2. El rechazo del Imperio: acusan a Carlos V de sacrificar el bien común del reino a los asuntos dinásticos;
3. Una amenaza. Si el rey persiste en sus pretensiones y no tiene en cuenta la opinión de sus vasallos, las comunidades sacarán
consecuencias y defenderán los intereses del reino.

El término “comunidades” serviría para designar la rebelión de Castilla en los meses sucesivos.

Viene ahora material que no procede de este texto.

Lemma cycle_edge_inj s t : s < m -> t < m -> e s = e t -> s = t.
Proof.
case: cyc => m_gt1 _ _ inj_u ne_e lt_s lt_t eq_e.
have ends_eq : [set u s; u s.+1] = [set u t; u t.+1] by rewrite -!cycle_ends // eq_e.
have /set2P [/(inj_u _ _ lt_s lt_t) // | eq_st1] : u s \in [set u t; u t.+1].
  by rewrite -ends_eq set21.
have /set2P [eq_s1t | eq_s1t1] : u s.+1 \in [set u t; u t.+1] by rewrite -ends_eq set22.
  have /eqP := eq_st1; rewrite cycle_succ_eq // => /eqP pred_s.
  have /eqP := esym eq_s1t; rewrite cycle_succ_eq // => /eqP pred_t.
  have [[s0 t1] | [s1 t0]] : (s = 0 /\ t = 1) \/ (s = 1 /\ t = 0).
    by move: pred_s pred_t; rewrite /cpred; case: s lt_s {eq_e eq_st1 eq_s1t ends_eq} => [|s] lt_s;
      case: t lt_t => [|t] lt_t; lia.
  - by move: eq_e (ne_e 0 m_gt1); rewrite s0 t1 => ->; rewrite eqxx.
  - by move: eq_e (ne_e 0 m_gt1); rewrite s1 t0 => ->; rewrite eqxx.
by move: (cycle_step_neq lt_s); rewrite eq_st1 eq_s1t1 eqxx.
Qed.

Lemma cycle_pred_edge_neq s : s < m -> e s != e (cpred m s).
Proof.
move=> lt_s; apply/eqP => /(cycle_edge_inj lt_s (cpred_lt lt_s)).
by case: cyc => m_gt1 _ _ _ _; case: s lt_s => [|s] /=; lia.
Qed.

Lemma cycle_edges_at s :
  s < m -> [set x in cycle_edges m e | inc x (u s)] = [set e s; e (cpred m s)].
Proof.
move=> lt_s; have lt_ps := cpred_lt lt_s.
have incE x t : t < m -> x = e t -> inc x (u s) = (u s \in [set u t; u t.+1]).
  by move=> lt_t ->; rewrite -cycle_ends // inE.
apply/setP => x; rewrite !inE; apply/andP/orP => [[/imsetP [t _ ->]] | ].
  rewrite (incE _ t) // => /set2P [/eqP | /eqP]; last rewrite cycle_succ_eq //.
    by case: cyc => _ _ _ inj_u _ /eqP /(inj_u _ _ lt_s (ltn_ord t)) ->; left.
  by move=> /eqP ->; right.
case=> /eqP ->; split; do ?[by apply/imsetP; exists (Ordinal lt_s)
                            | by apply/imsetP; exists (Ordinal lt_ps)].
- by rewrite (incE _ s) ?set21.
- by rewrite (incE _ (cpred m s)) // !inE cycle_succ_eq // eqxx orbT.
Qed.

Lemma cycle_edges_off v :
  (forall s, s < m -> v != u s) -> [set x in cycle_edges m e | inc x v] = set0.
Proof.
move=> off_v; apply/setP => x; rewrite !inE; apply/negbTE/andP => [[/imsetP [t _ ->] inc_v]].
have lt_t := ltn_ord t.
have /set2P : v \in [set u t; u t.+1] by rewrite -cycle_ends // inE.
case => eq_v; first by move: (off_v t lt_t); rewrite eq_v eqxx.
case: cyc => m_gt1 _ u_m _ _; have [lt_t1 | eq_t1] : t.+1 < m \/ t.+1 = m by lia.
- by move: (off_v _ lt_t1); rewrite eq_v eqxx.
- by move: (off_v 0 (ltnW m_gt1)); rewrite eq_v eq_t1 u_m eqxx.
Qed.

Lemma mem_cycle_edges_pred (P : pred nat) t :
  t < m -> (e t \in [set e (nat_of_ord s) | s : 'I_m & P s]) = P t.
Proof.
move=> lt_t; apply/imsetP/idP => [[s Ps /(cycle_edge_inj lt_t (ltn_ord s)) ->] | Pt].
  by rewrite inE in Ps.
by exists (Ordinal lt_t); rewrite ?inE.
Qed.

Lemma card_cycle_edges_pred (P : pred nat) :
  #|[set e (nat_of_ord t) | t : 'I_m & P t]| = #|[set t : 'I_m | P t]|.
Proof.
by apply: card_in_imset => s t _ _ /(cycle_edge_inj (ltn_ord s) (ltn_ord t)) /val_inj.
Qed.

Lemma card_cycle_edges : #|cycle_edges m e| = m.
Proof.
rewrite card_imset ?card_ord // => s t.
by move/(cycle_edge_inj (ltn_ord s) (ltn_ord t)) /val_inj.
Qed.

End CycleStructure.

End Cycles.

Lemma card_ord_pred m (P : pred nat) : #|[set t : 'I_m | P t]| = \sum_(t < m) P t.
Proof. by rewrite card_sum_mem; apply: eq_bigr => t _; rewrite inE. Qed.

Lemma sum_odd_ord m : \sum_(t < m) odd t = m./2.
Proof.
elim: m => [|m IH]; first by rewrite big_ord0.
by rewrite big_ord_recr /= IH uphalf_half addnC.
Qed.

Lemma card_even_ord m : #|[set t : 'I_m | ~~ odd t]| = m - m./2.
Proof.
rewrite -[m in m - _](card_ord m) -(cardsC [set t : 'I_m | odd t]) card_ord_pred sum_odd_ord.
by rewrite addKn; apply: eq_card => t; rewrite !inE.
Qed.

Lemma card_zero_or_odd_ord m :
  0 < m -> #|[set t : 'I_m | (t == 0 :> nat) || odd t]| = m./2 + 1.
Proof.
case: m => // m _; rewrite (card_ord_pred _ (fun t => (t == 0) || odd t)) big_ord_recl /=.
rewrite addnC; congr (_ + _).
by rewrite uphalfE -sum_odd_ord big_ord_recl; apply: eq_bigr => i _.
Qed.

Era vago, y peligroso a causa de su
imprecisión. Podría tener tres interpretaciones: 1) designaba, en plural, las colectividades territoriales que velaban por el bien común
(municipios, universidades, grandes cuerpos de estado); 2) resonancia social, recordaba al pueblo llano, un pueblo traicionado por las
minorías dirigentes; y 3) podía referirse a la comunidad nacional, enfrentada a los intereses personales y dinásticos del soberano.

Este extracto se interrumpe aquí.